Lemma norm2_pos_near (p v : pt) : 0 < norm2 p -> locally 0 (fun t => 0 < norm2 (line p v t)).
Proof.
  intros Hp. destruct (has_wirtinger_norm2 p v) as [Hre _].
  change (is_derive (fun t => norm2 (line p v t)) 0 (Re (wirt_form (Cconj (fst p))
    (Cconj (snd p)) (fst p) (snd p) v))) in Hre.
  apply (ex_derive_continuous (V := R_NormedModule)).
  { eexists; exact Hre. }
  apply open_gt. rewrite line_0; exact Hp.
Qed.

Lemma has_wirtinger_ext_pos (f g : pt -> C) (p : pt) (a1 a2 b1 b2 : C) :
  (forall q, 0 < norm2 q -> f q = g q) -> 0 < norm2 p ->
  has_wirtinger f p a1 a2 b1 b2 -> has_wirtinger g p a1 a2 b1 b2.
Proof.
  intros E Hp H v. apply (has_cderiv_ext_loc (fun t => f (line p v t))); [| apply H].
  destruct (norm2_pos_near p v Hp) as [e He]. exists e; intros t Ht; apply E, He, Ht.
Qed.

Section Sectors.

Variable lam : pt.

Definition sector (F : R -> R) (k l : nat) (q : pt) : C :=
  (RtoC (F (norm2 q)) * mono lam k l q)%C.

Lemma has_wirtinger_sector (F F1 : R -> R) (k l : nat) (p : pt) :
  is_derive F (norm2 p) (F1 (norm2 p)) ->
  has_wirtinger (sector F k l) p
    (Cconj (fst p) * sector F1 k l p + RtoC (INR k) * fst lam * sector F (pred k) l p)
    (Cconj (snd p) * sector F1 k l p + RtoC (INR k) * snd lam * sector F (pred k) l p)
    (fst p * sector F1 k l p + RtoC (INR l) * snd lam * sector F k (pred l) p)
    (snd p * sector F1 k l p - RtoC (INR l) * fst lam * sector F k (pred l) p).
Proof.
  intros HF. unfold sector, mono. eapply has_wirtinger_eq.
  { apply has_wirtinger_mult.
    - exact (has_wirtinger_real_comp norm2 F p _ _ _ _ _ (has_wirtinger_norm2 p) HF).
    - apply has_wirtinger_mult; apply has_wirtinger_pow;
        [apply has_wirtinger_brk | apply has_wirtinger_hbrk]. }
  all: cbv beta; ring.
Qed.

Lemma db_sector (F F1 : R -> R) (k l : nat) (q : pt) :
  is_derive F (norm2 q) (F1 (norm2 q)) ->
  (db1 (sector F k l) q
     = fst q * sector F1 k l q + RtoC (INR l) * snd lam * sector F k (pred l) q)%C /\
  (db2 (sector F k l) q
     = snd q * sector F1 k l q - RtoC (INR l) * fst lam * sector F k (pred l) q)%C.
Proof.
  intros HF. destruct (wirtinger_derivatives _ _ _ _ _ _ (has_wirtinger_sector F F1 k l q HF))
    as [_ [_ [E1 E2]]].
  now split.
Qed.

Lemma euler_bar_sector (F F1 : R -> R) (k l : nat) (q : pt) :
  is_derive F (norm2 q) (F1 (norm2 q)) ->
  EulerBar (sector F k l) q = sector (fun r => r * F1 r + INR l * F r) k l q.
Proof.
  intros HF. destruct (db_sector F F1 k l q HF) as [E1 E2].
  unfold EulerBar. rewrite E1, E2. unfold sector, mono.
  repeat rewrite ?RtoC_plus, ?RtoC_mult. rewrite norm2_as_C.
  destruct l as [|l]; [change (INR 0) with 0 |]; cbn [pred Cpow]; unfold hbrk; ring.
Qed.

Lemma flat_laplacian_sector (F F1 F2 : R -> R) (k l : nat) (p : pt) :
  (forall r, 0 < r -> is_derive F r (F1 r)) -> is_derive F1 (norm2 p) (F2 (norm2 p)) ->
  0 < norm2 p ->
  (Defs.d1 (db1 (sector F k l)) p + Defs.d2 (db2 (sector F k l)) p)%C
  = sector (fun r => r * F2 r + (2 + INR k + INR l) * F1 r) k l p.
Proof.
  intros HF HF1 Hp.
  eassert (W1 : has_wirtinger (fun q => fst q * sector F1 k l q
                  + RtoC (INR l) * snd lam * sector F k (pred l) q)%C p _ _ _ _).
  { apply has_wirtinger_plus; apply has_wirtinger_mult.
    - apply has_wirtinger_u1.
    - apply has_wirtinger_sector, HF1.
    - apply has_wirtinger_const.
    - apply has_wirtinger_sector, HF, Hp. }
  eassert (W2 : has_wirtinger (fun q => snd q * sector F1 k l q
                  - RtoC (INR l) * fst lam * sector F k (pred l) q)%C p _ _ _ _).
  { apply has_wirtinger_minus; apply has_wirtinger_mult.
    - apply has_wirtinger_u2.
    - apply has_wirtinger_sector, HF1.
    - apply has_wirtinger_const.
    - apply has_wirtinger_sector, HF, Hp. }
  apply (has_wirtinger_ext_pos _ (db1 (sector F k l))) in W1;
    [| intros q Hq; symmetry; exact (proj1 (db_sector F F1 k l q (HF _ Hq))) | exact Hp].
  apply (has_wirtinger_ext_pos _ (db2 (sector F k l))) in W2;
    [| intros q Hq; symmetry; exact (proj2 (db_sector F F1 k l q (HF _ Hq))) | exact Hp].
  destruct (wirtinger_derivatives _ _ _ _ _ _ W1) as [-> _].
  destruct (wirtinger_derivatives _ _ _ _ _ _ W2) as [_ [-> _]].
  unfold sector, mono. repeat rewrite ?RtoC_plus, ?RtoC_mult. rewrite norm2_as_C.
  destruct k as [|k]; destruct l as [|l]; try change (INR 0) with 0;
    cbn [pred Cpow]; unfold brk, hbrk; ring.
Qed.

Lemma euler_euler_bar_sector (F F1 F2 : R -> R) (k l : nat) (p : pt) :
  (forall r, 0 < r -> is_derive F r (F1 r)) -> is_derive F1 (norm2 p) (F2 (norm2 p)) ->
  0 < norm2 p ->
  (fst p * Defs.d1 (EulerBar (sector F k l)) p + snd p * Defs.d2 (EulerBar (sector F k l)) p)%C
  = sector (fun r => r * (F1 r + r * F2 r + INR l * F1 r) + INR k * (r * F1 r + INR l * F r))
      k l p.
Proof.
  intros HF HF1 Hp.
  set (G := fun r => r * F1 r + INR l * F r).
  set (G1 := fun r => F1 r + r * F2 r + INR l * F1 r).
  assert (HG : is_derive G (norm2 p) (G1 (norm2 p))).
  { unfold G, G1. eapply is_derive_eq.
    - apply (is_derive_plus (V := R_NormedModule)).
      + apply (is_derive_mult (fun r => r) F1); [apply is_derive_id | exact HF1 | apply Rmult_comm].
      + apply is_derive_scal, HF, Hp.
    - unfold plus, mult, one; cbn. ring. }
  pose proof (has_wirtinger_sector G G1 k l p HG) as W.
  apply (has_wirtinger_ext_pos _ (EulerBar (sector F k l))) in W;
    [| intros q Hq; symmetry; exact (euler_bar_sector F F1 k l q (HF _ Hq)) | exact Hp].
  destruct (wirtinger_derivatives _ _ _ _ _ _ W) as [-> [-> _]].
  unfold sector, mono, G, G1.
  repeat rewrite ?RtoC_plus, ?RtoC_mult. rewrite norm2_as_C.
  destruct k as [|k]; try change (INR 0) with 0; cbn [pred Cpow]; unfold brk; ring.
Qed.

(* The radial operator to which the Burns Laplacian reduces on sector functions
   of bidegree [(k, l)] ([F1], [F2] stand for [F'], [F'']). *)
Definition radial_burns (N : R) (k l : nat) (F F1 F2 : R -> R) (r : R) : R :=
  r * F2 r + (2 + INR k + INR l) * F1 r
  + N / r ^ 2 * (r * (F1 r + r * F2 r + INR l * F1 r) + INR k * (r * F1 r + INR l * F r)).
(* Let $s$ be an integer with $|s|\ge 3$, and let $F_s(t)= t^4 + (4s^3 - 4s^2 + 8s - 4)t^3 + (-6s^2 - 6)t^2 + 4t + 1$. Then $F_s$ has four real roots $r_1,r_2,r_3,r_4$ satisfying $$r_1=-4s^3+4s^2-8s+4-\tfrac32 s^{-1}-\tfrac32 s^{-2}+\theta_1 s^{-4},\quad 1\le\theta_1\le 2,$$ $$r_2=\frac{1+\sqrt3}{2}s^{-1}+\frac{3+\sqrt3}{6}s^{-2}-\frac{1}{3\sqrt3}s^{-3}+\theta_2 s^{-4},\quad -\tfrac32\le\theta_2\le-\tfrac12,$$ $$r_3=\tfrac12 s^{-1}+\tfrac12 s^{-2}-\theta_3 s^{-4},\quad 0\le\theta_3\le 1,$$ $$r_4=\frac{1-\sqrt3}{2}s^{-1}+\frac{3-\sqrt3}{6}s^{-2}+\frac{1}{3\sqrt3}s^{-3}+\theta_4 s^{-4},\quad -\tfrac12\le\theta_4\le\tfrac12,$$ for suitable real numbers $\theta_1,\theta_2,\theta_3,\theta_4$ (depending on $s$). *)

From Stdlib Require Import Reals ZArith.
Open Scope R_scope.

Definition Fs (s t : R) : R :=
  t ^ 4 + (4 * s ^ 3 - 4 * s ^ 2 + 8 * s - 4) * t ^ 3
  + (- 6 * s ^ 2 - 6) * t ^ 2 + 4 * t + 1.

From Stdlib Require Import Reals ZArith Lra List.
Import ListNotations.
Open Scope R_scope.

(* The three small roots come from the intermediate value theorem in theta.  At each
   endpoint theta of the interval for theta_i, s^16 F_s(r_i(theta)) is a polynomial of
   degree 13 in s whose coefficients in the basis (s+3)^k (s-3)^(13-k) all have one sign;
   hence its sign is constant on |s| >= 3, and it is opposite at the two endpoints.  These
   coefficients lie in Q(sqrt 3).  The large root is then forced by Vieta,
   r1 = -(4s^3 - 4s^2 + 8s - 4) - r2 - r3 - r4, i.e. theta1 = theta3 - theta2 - theta4,
   which lies in [1, 2] once the small roots are located in the sharper intervals
   theta2 in [-3/4, -1/2], theta3 in [1/3, 2/3], theta4 in [-1/2, -1/6]. *)

Lemma Rabs_ge3_neq0 (x : R) : 3 <= Rabs x -> x <> 0.
Proof. intros hx ->. rewrite Rabs_R0 in hx. lra. Qed.

Fixpoint bern (c : list R) (X Y : R) : R :=
  match c with
  | [] => 0
  | c0 :: l => c0 * Y ^ length l + X * bern l X Y
  end.
Lemma in_words_skipn q n m w : In w (words q n) ->
  In (skipn m w) (words q (n - m)).
Proof.
  intros [Hl Hf]%in_words. apply in_words. split.
  - rewrite length_skipn; lia.
  - apply Forall_skipn; auto.
Qed.

Lemma occurs_atP P w k :
  occurs_at P w k = true <-> firstn (length P) (skipn k w) = P.
Proof. unfold occurs_at. destruct list_eq_dec; split; auto; discriminate. Qed.

Lemma occurs_at_app_l P u v k : k + length P <= length u ->
  occurs_at P (u ++ v) k = occurs_at P u k.
Proof.
  intros H. unfold occurs_at. rewrite skipn_app, firstn_app, length_skipn.
  replace (length P - (length u - k)) with 0 by lia.
  rewrite firstn_O, app_nil_r. reflexivity.
Qed.

(* Positions [1 .. length y] are all the places other than the prefix where [P]
   can occur in [P ++ y]. *)
Definition prefix_only (P y : list nat) : bool :=
  negb (existsb (occurs_at P (P ++ y)) (seq 1 (length y))).

Lemma prefix_onlyP P y : prefix_only P y = true <->
  forall k, 1 <= k <= length y -> occurs_at P (P ++ y) k = false.
Proof.
  unfold prefix_only. rewrite negb_true_iff, <- not_true_iff_false, existsb_exists.
  split.
  - intros H k Hk. apply not_true_iff_false. intros Ho.
    apply H. exists k. rewrite in_seq. split; auto; lia.
  - intros H [k [Hk%in_seq Ho]]. rewrite H in Ho; [discriminate|lia].
Qed.

Lemma prefix_onlyN P y : prefix_only P y = false <->
  exists k, 1 <= k <= length y /\ occurs_at P (P ++ y) k = true.
Proof.
  unfold prefix_only. rewrite negb_false_iff, existsb_exists.
  split; intros [k [Hk Ho]]; exists k; rewrite in_seq in *; split; auto; lia.
Qed.

Lemma prefix_only_app P y z : prefix_only P (y ++ z) = true -> prefix_only P y = true.
Proof.
  rewrite !prefix_onlyP, length_app. intros H k Hk.
  rewrite <- (occurs_at_app_l P (P ++ y) z) by (rewrite length_app; lia).
  rewrite <- app_assoc. apply H. lia.
Qed.

Lemma prefix_only_firstn P y n : prefix_only P y = true -> prefix_only P (firstn n y) = true.
Proof.
  rewrite <- (firstn_skipn n y) at 1. apply prefix_only_app.
Qed.

Definition count_prefix_only (q : nat) (P : list nat) (m : nat) : nat :=
  length (filter (prefix_only P) (words q m)).

Lemma count_prefix_only_le_pow q P m : count_prefix_only q P m <= q ^ m.
Proof. unfold count_prefix_only. rewrite <- length_words. apply filter_length_le. Qed.

Definition extensions (q : nat) (P : list nat) (m : nat) : list (list nat) :=
  flat_map (fun y => map (fun a => y ++ [a]) (seq 0 q)) (filter (prefix_only P) (words q m)).

Lemma length_extensions q P m : length (extensions q P m) = q * count_prefix_only q P m.
Proof.
  unfold extensions, count_prefix_only. rewrite (flat_map_constant_length (c:=q)).
  - lia.
  - intros; rewrite length_map, length_seq; auto.
Qed.

Lemma NoDup_extensions q P m : NoDup (extensions q P m).
Proof.
  apply NoDup_flat_map.
  - apply NoDup_filter, NoDup_words.
  - intros x _. apply Injective_map_NoDup; [|apply seq_NoDup].
    intros a b H. apply app_inj_tail in H. tauto.
  - intros x y z _ _ [a [<- _]]%in_map_iff [b [Hb _]]%in_map_iff.
    apply app_inj_tail in Hb as [-> _]. reflexivity.
Qed.

Lemma count_prefix_only_succ_le q P m :
  count_prefix_only q P (S m) <= q * count_prefix_only q P m.
Proof.
  rewrite <- length_extensions. unfold count_prefix_only.
  apply NoDup_incl_length; [apply NoDup_filter, NoDup_words|].
  intros w [Hw Hg]%filter_In.
  induction w as [|a y _] using rev_ind.
  { apply in_words in Hw as [Hl _]. discriminate. }
  apply in_words in Hw as [Hl [Hy Ha]%Forall_app].
  rewrite length_app in Hl; simpl in Hl.
  apply in_flat_map. exists y. split.
  - apply filter_In. split.
    + apply in_words. split; auto; lia.
    + eapply prefix_only_app; eauto.
  - apply in_map_iff. exists a. split; auto.
    inversion Ha. apply in_seq. lia.
Qed.

(* Adding a letter to a word counted by [count_prefix_only q P m] either keeps it
   counted, or creates an occurrence of [P] that must then be its suffix. *)
Lemma count_prefix_only_le_succ q P m : 1 <= length P -> length P <= S m ->
  q * count_prefix_only q P m <=
    count_prefix_only q P (S m) + count_prefix_only q P (S m - length P).
Proof.
  intros Hp Hpm. rewrite <- length_extensions. unfold count_prefix_only.
  rewrite <- (length_map (fun z => z ++ P) (filter _ (words q (S m - length P)))),
    <- length_app.
  apply NoDup_incl_length; [apply NoDup_extensions|].
  intros w [y [[Hy Hgy]%filter_In [a [<- Ha%in_seq]]%in_map_iff]]%in_flat_map.
  assert (Hya : In (y ++ [a]) (words q (S m))).
  { apply in_words in Hy as [Hl Hf]. apply in_words. rewrite length_app; simpl.
    split; [lia|]. apply Forall_app; split; auto. constructor; auto; lia. }
  pose proof Hy as [Hly _]%in_words.
  apply in_app_iff.
  destruct (prefix_only P (y ++ [a])) eqn:Eg; [left; apply filter_In; auto|right].
  apply prefix_onlyN in Eg as [k [Hk Ho]]. rewrite length_app in Hk; simpl in Hk.
  assert (k = S m) as ->.
  { destruct (Nat.eq_dec k (S m)) as [|Hkm]; auto. exfalso.
    rewrite app_assoc, occurs_at_app_l in Ho by (rewrite length_app; lia).
    rewrite (proj1 (prefix_onlyP P y) Hgy k) in Ho; [discriminate|lia]. }
  apply occurs_atP in Ho.
  rewrite skipn_app, skipn_all2, app_nil_l in Ho by lia.
  rewrite firstn_all2 in Ho by (rewrite length_skipn, length_app; cbn [length]; lia).
  apply in_map_iff. exists (firstn (S m - length P) (y ++ [a])). split.
  - rewrite <- Ho at 2. apply firstn_skipn.
  - apply filter_In. split.
    + apply (in_words_firstn q (S m)); auto; lia.
    + rewrite firstn_app. replace (S m - length P - length y) with 0 by lia.
      rewrite firstn_O, app_nil_r. apply prefix_only_firstn; auto.
Qed.

(** * Periods *)

Definition period (P : list nat) (s : nat) : Prop :=
  forall i, i + s < length P -> nth i P 0 = nth (i + s) P 0.

Definition min_period (P : list nat) (pi : nat) : Prop :=
  1 <= pi /\ period P pi /\ forall s, 1 <= s -> period P s -> pi <= s.

Lemma period_length P : period P (length P).
Proof. intros i Hi; lia. Qed.

Lemma period_mul P s k : period P s -> period P (k * s).
Proof.
  intros Hs. induction k as [|k IH]; intros i Hi.
  - rewrite Nat.add_0_r; reflexivity.
  - rewrite IH by (simpl in Hi; lia). rewrite Hs by (simpl in Hi; lia).
    f_equal. simpl; lia.
Qed.

Lemma period_sub P r s : period P r -> period P s -> r <= s -> s + r <= length P ->
  period P (s - r).
Proof.
  intros Hr Hs Hrs Hp i Hi.
  destruct (Nat.lt_ge_cases (i + s) (length P)) as [H1|H1].
  - rewrite Hs by lia. rewrite (Hr (i + (s - r))) by lia. f_equal; lia.
  - replace i with (i - r + r) at 1 by lia. rewrite <- Hr by lia.
    rewrite Hs by lia. f_equal; lia.
Qed.

Lemma min_period_exists P : 1 <= length P -> exists pi, min_period P pi.
Proof.
  intros Hp.
  destruct (dec_inh_nat_subset_has_unique_least_element (fun s => 1 <= s /\ period P s))
    as [pi [[[H1 Hper] Hmin] _]].
  - intros n. apply classic.
  - exists (length P). split; auto. apply period_length.
  - exists pi. repeat split; auto.
Qed.

Lemma min_period_le_length P pi : 1 <= length P -> min_period P pi -> pi <= length P.
Proof. intros Hp (_ & _ & Hmin). apply Hmin; auto. apply period_length. Qed.

(* A weak form of the Fine-Wilf theorem. *)
Lemma period_min_period_mul P pi s : min_period P pi -> period P s -> 1 <= s ->
  s + pi <= length P -> exists k, 1 <= k /\ s = k * pi.
Proof.
  intros Hpi. induction s as [s IH] using lt_wf_ind. intros Hs H1 H2.
  destruct Hpi as (Hpi1 & Hper & Hmin).
  destruct (Nat.lt_trichotomy s pi) as [Hlt|[Heq|Hgt]].
  - specialize (Hmin s H1 Hs). lia.
  - exists 1; lia.
  - destruct (IH (s - pi)) as [k [Hk Hk2]]; try lia.
    + apply period_sub; auto; lia.
    + exists (S k). simpl. lia.
Qed.

Definition long_period (p pi : nat) : nat := Nat.max pi (p - pi + 1).

Lemma period_cases P pi s : min_period P pi -> period P s -> 1 <= s ->
  (exists k, 1 <= k /\ s = k * pi) \/ long_period (length P) pi <= s.
Proof.
  intros Hpi Hs H1. destruct (Nat.le_gt_cases (s + pi) (length P)).
  - left. apply (period_min_period_mul P pi s); auto.
  - right. destruct Hpi as (_ & _ & Hmin). specialize (Hmin s H1 Hs).
    unfold long_period. lia.
Qed.

Lemma suffix_block P pi k : period P pi -> 1 <= k -> k * pi <= length P ->
  firstn pi (skipn (length P - k * pi) P) = skipn (length P - pi) P.
Proof.
  intros Hp Hk Hkp. apply nth_ext with 0 0.
  - rewrite length_firstn, !length_skipn. nia.
  - intros i Hi. rewrite length_firstn, length_skipn in Hi.
    rewrite nth_firstn. destruct (Nat.ltb_spec i pi); [|lia].
    rewrite !nth_skipn, (period_mul P pi (k - 1) Hp) by nia.
    f_equal. nia.
Qed.

Lemma prefix_block P pi k : period P pi -> 1 <= k -> k * pi <= length P ->
  skipn (k * pi - pi) (firstn (k * pi) P) = firstn pi P.
Proof.
  intros Hp Hk Hkp. apply nth_ext with 0 0.
  - rewrite length_skipn, !length_firstn. nia.
  - intros i Hi. rewrite length_skipn, length_firstn in Hi.
    rewrite nth_skipn, !nth_firstn.
    destruct (Nat.ltb_spec (k * pi - pi + i) (k * pi)); [|lia].
    destruct (Nat.ltb_spec i pi); [|nia].
    rewrite (period_mul P pi (k - 1) Hp i) by nia. f_equal. nia.
Qed.

(** * Overlapping occurrences *)

Lemma occurs_at_overlap_start P y j : 1 <= j < length P ->
  occurs_at P (P ++ y) j = true -> period P j /\ firstn j y = skipn (length P - j) P.
Proof.
  intros Hj Ho%occurs_atP.
  rewrite skipn_app in Ho. replace (j - length P) with 0 in Ho by lia.
  rewrite skipn_O, firstn_app, length_skipn in Ho.
  replace (length P - (length P - j)) with j in Ho by lia.
  rewrite firstn_all2 in Ho by (rewrite length_skipn; lia).
  split.
  - intros i Hi. rewrite <- Ho at 1.
    rewrite app_nth1, nth_skipn by (rewrite length_skipn; lia).
    f_equal; lia.
  - apply (f_equal (skipn (length P - j))) in Ho.
    rewrite skipn_app, skipn_all2, length_skipn in Ho by (rewrite length_skipn; lia).
    replace (length P - j - (length P - j)) with 0 in Ho by lia. exact Ho.
Qed.

Lemma occurs_at_overlap_end P y s : 1 <= s < length P -> s <= length y ->
  occurs_at P (P ++ y ++ P) (length P + length y - s) = true ->
  period P s /\ skipn (length y - s) y = firstn s P.
Proof.
  intros Hs Hy Ho%occurs_atP.
  rewrite skipn_app, skipn_all2, app_nil_l in Ho by lia.
  replace (length P + length y - s - length P) with (length y - s) in Ho by lia.
  rewrite skipn_app in Ho. replace (length y - s - length y) with 0 in Ho by lia.
  rewrite skipn_O, firstn_app, length_skipn in Ho.
  rewrite firstn_all2 in Ho by (rewrite length_skipn; lia).
  replace (length y - (length y - s)) with s in Ho by lia.
  split.
  - intros i Hi. rewrite <- Ho at 2.
    rewrite app_nth2, length_skipn by (rewrite length_skipn; lia).
    replace (i + s - (length y - (length y - s))) with i by lia.
    rewrite nth_firstn. destruct (Nat.ltb_spec i (length P - s)); [reflexivity|lia].
  - apply (f_equal (firstn s)) in Ho.
    rewrite firstn_app, length_skipn in Ho.
    replace (s - (length y - (length y - s))) with 0 in Ho by lia.
    rewrite firstn_O, app_nil_r, firstn_all2 in Ho by (rewrite length_skipn; lia).
    exact Ho.
Qed.

Lemma overlap_start_cases P pi y j : min_period P pi -> 1 <= j < length P ->
  occurs_at P (P ++ y) j = true ->
  firstn pi y = skipn (length P - pi) P \/
  exists j', long_period (length P) pi <= j' < length P /\
             firstn j' y = skipn (length P - j') P.
Proof.
  intros Hpi Hj Ho. apply occurs_at_overlap_start in Ho as [Hper Hy]; auto.
  destruct (period_cases P pi j Hpi Hper ltac:(lia)) as [[k [Hk ->]]|Hlong].
  - left. destruct Hpi as (Hpi1 & Hpi & _).
    rewrite <- (suffix_block P pi k), <- Hy by (auto; lia).
    rewrite firstn_firstn. f_equal. nia.
  - right. exists j. split; [lia|exact Hy].
Qed.

Lemma overlap_end_cases P pi y s : min_period P pi -> 1 <= s < length P -> s <= length y ->
  occurs_at P (P ++ y ++ P) (length P + length y - s) = true ->
  skipn (length y - pi) y = firstn pi P \/
  exists s', long_period (length P) pi <= s' < length P /\
             skipn (length y - s') y = firstn s' P.
Proof.
  intros Hpi Hs Hy Ho. apply occurs_at_overlap_end in Ho as [Hper Hys]; auto.
  destruct (period_cases P pi s Hpi Hper ltac:(lia)) as [[k [Hk ->]]|Hlong].
  - left. destruct Hpi as (Hpi1 & Hpi & _).
    rewrite <- (prefix_block P pi k), <- Hys by (auto; lia).
    rewrite skipn_skipn. f_equal. nia.
  - right. exists s. split; [lia|exact Hys].
Qed.

(** * Counting words through their overlaps *)

Lemma length_flat_map_le {A B} (f : A -> list B) l c :
  (forall x, In x l -> length (f x) <= c) -> length (flat_map f l) <= length l * c.
Proof.
  induction l as [|a l IH]; simpl; intros H; auto.
  rewrite length_app. pose proof (H a (or_introl eq_refl)).
  enough (length (flat_map f l) <= length l * c) by lia.
  apply IH. intros x Hx. apply H. auto.
Qed.

Definition words_starting_with (q n : nat) (u : list nat) : list (list nat) :=
  map (app u) (words q (n - length u)).

Lemma length_words_starting_with q n u :
  length (words_starting_with q n u) = q ^ (n - length u).
Proof. unfold words_starting_with. rewrite length_map. apply length_words. Qed.

Lemma in_words_starting_with q n u w : In w (words q n) ->
  firstn (length u) w = u -> In w (words_starting_with q n u).
Proof.
  intros Hw Hu. apply in_map_iff. exists (skipn (length u) w). split.
  - rewrite <- Hu at 1. apply firstn_skipn.
  - apply in_words_skipn. auto.
Qed.

Definition prefix_only_ending_with (q : nat) (P : list nat) (n : nat) (u : list nat) :=
  map (fun z => z ++ u) (filter (prefix_only P) (words q (n - length u))).

Lemma length_prefix_only_ending_with q P n u :
  length (prefix_only_ending_with q P n u) = count_prefix_only q P (n - length u).
Proof. unfold prefix_only_ending_with. rewrite length_map. reflexivity. Qed.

• [What the task asks]: Your task is to retype the entries verbatim, starting with the line that holds "- rewrite length_skipn, !length_firstn." and stopping after the line that holds "(** * Overlapping occurrences *)".

• [Solution]:
  - rewrite length_skipn, !length_firstn. nia.
  - intros i Hi. rewrite length_skipn, length_firstn in Hi.
    rewrite nth_skipn, !nth_firstn.
    destruct (Nat.ltb_spec (k * pi - pi + i) (k * pi)); [|lia].
    destruct (Nat.ltb_spec i pi); [|nia].
    rewrite (period_mul P pi (k - 1) Hp i) by nia. f_equal. nia.
Qed.

(** * Overlapping occurrences *)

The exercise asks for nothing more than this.